- Task input

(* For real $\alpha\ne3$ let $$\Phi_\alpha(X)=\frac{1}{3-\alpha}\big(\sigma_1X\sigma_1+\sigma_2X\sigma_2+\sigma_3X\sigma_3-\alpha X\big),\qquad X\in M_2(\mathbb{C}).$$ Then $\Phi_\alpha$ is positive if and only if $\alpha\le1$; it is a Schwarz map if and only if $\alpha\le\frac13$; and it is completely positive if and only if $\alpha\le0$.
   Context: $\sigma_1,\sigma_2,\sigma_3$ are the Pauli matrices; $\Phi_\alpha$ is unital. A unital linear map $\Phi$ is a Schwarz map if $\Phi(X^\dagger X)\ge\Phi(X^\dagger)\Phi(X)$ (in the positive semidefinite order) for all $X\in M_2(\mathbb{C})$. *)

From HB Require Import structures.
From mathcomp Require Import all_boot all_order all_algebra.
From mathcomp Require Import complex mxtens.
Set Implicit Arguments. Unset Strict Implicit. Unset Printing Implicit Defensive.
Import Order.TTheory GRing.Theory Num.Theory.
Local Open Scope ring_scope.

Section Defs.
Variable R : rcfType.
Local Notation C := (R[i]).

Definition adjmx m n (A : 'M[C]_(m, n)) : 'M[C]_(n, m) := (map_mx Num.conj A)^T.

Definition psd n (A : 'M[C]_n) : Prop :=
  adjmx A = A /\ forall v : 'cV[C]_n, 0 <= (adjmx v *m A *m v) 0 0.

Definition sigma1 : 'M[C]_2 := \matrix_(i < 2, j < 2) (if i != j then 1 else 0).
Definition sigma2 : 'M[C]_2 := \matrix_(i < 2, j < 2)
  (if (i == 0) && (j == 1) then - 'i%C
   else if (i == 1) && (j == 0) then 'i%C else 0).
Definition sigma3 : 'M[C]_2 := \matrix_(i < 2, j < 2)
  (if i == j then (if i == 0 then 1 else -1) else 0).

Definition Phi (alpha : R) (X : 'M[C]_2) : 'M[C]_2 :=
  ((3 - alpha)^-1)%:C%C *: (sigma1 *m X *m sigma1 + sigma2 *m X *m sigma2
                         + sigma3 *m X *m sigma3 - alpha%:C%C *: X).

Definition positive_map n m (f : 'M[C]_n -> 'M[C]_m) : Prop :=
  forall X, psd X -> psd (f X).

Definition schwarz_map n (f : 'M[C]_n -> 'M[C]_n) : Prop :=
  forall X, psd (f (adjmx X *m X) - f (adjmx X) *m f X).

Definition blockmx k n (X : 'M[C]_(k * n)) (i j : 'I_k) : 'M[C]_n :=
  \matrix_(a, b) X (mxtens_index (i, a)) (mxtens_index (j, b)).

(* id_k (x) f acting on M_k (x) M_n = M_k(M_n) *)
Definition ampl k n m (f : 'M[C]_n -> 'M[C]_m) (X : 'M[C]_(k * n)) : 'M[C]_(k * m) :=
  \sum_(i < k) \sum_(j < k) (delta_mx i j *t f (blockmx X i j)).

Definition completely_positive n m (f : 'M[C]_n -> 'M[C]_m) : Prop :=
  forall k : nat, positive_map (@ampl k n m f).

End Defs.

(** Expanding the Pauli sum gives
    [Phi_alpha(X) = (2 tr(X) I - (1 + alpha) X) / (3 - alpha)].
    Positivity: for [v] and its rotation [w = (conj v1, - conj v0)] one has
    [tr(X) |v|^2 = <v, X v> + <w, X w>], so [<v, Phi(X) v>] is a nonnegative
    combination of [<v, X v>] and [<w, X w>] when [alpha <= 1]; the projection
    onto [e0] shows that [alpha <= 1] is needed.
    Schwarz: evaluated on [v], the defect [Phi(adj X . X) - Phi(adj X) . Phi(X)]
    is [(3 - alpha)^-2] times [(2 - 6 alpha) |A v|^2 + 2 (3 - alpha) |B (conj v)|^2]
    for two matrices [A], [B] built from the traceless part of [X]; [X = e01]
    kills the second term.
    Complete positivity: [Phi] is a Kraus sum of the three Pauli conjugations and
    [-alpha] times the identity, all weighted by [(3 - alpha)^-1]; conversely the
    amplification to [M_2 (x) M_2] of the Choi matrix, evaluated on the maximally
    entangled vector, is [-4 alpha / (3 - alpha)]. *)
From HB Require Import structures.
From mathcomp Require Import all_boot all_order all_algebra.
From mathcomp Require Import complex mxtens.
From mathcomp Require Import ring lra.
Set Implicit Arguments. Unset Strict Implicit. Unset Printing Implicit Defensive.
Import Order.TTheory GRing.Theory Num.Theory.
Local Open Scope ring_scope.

- Problem to solve
Looking at the data above, write out exactly the lines that start at the one containing "Definition psd n" and end at the one containing "else if (i == 1)"; include both and nothing beyond.

- Solution for this problem
Definition psd n (A : 'M[C]_n) : Prop :=
  adjmx A = A /\ forall v : 'cV[C]_n, 0 <= (adjmx v *m A *m v) 0 0.

Definition sigma1 : 'M[C]_2 := \matrix_(i < 2, j < 2) (if i != j then 1 else 0).
Definition sigma2 : 'M[C]_2 := \matrix_(i < 2, j < 2)
  (if (i == 0) && (j == 1) then - 'i%C
   else if (i == 1) && (j == 0) then 'i%C else 0).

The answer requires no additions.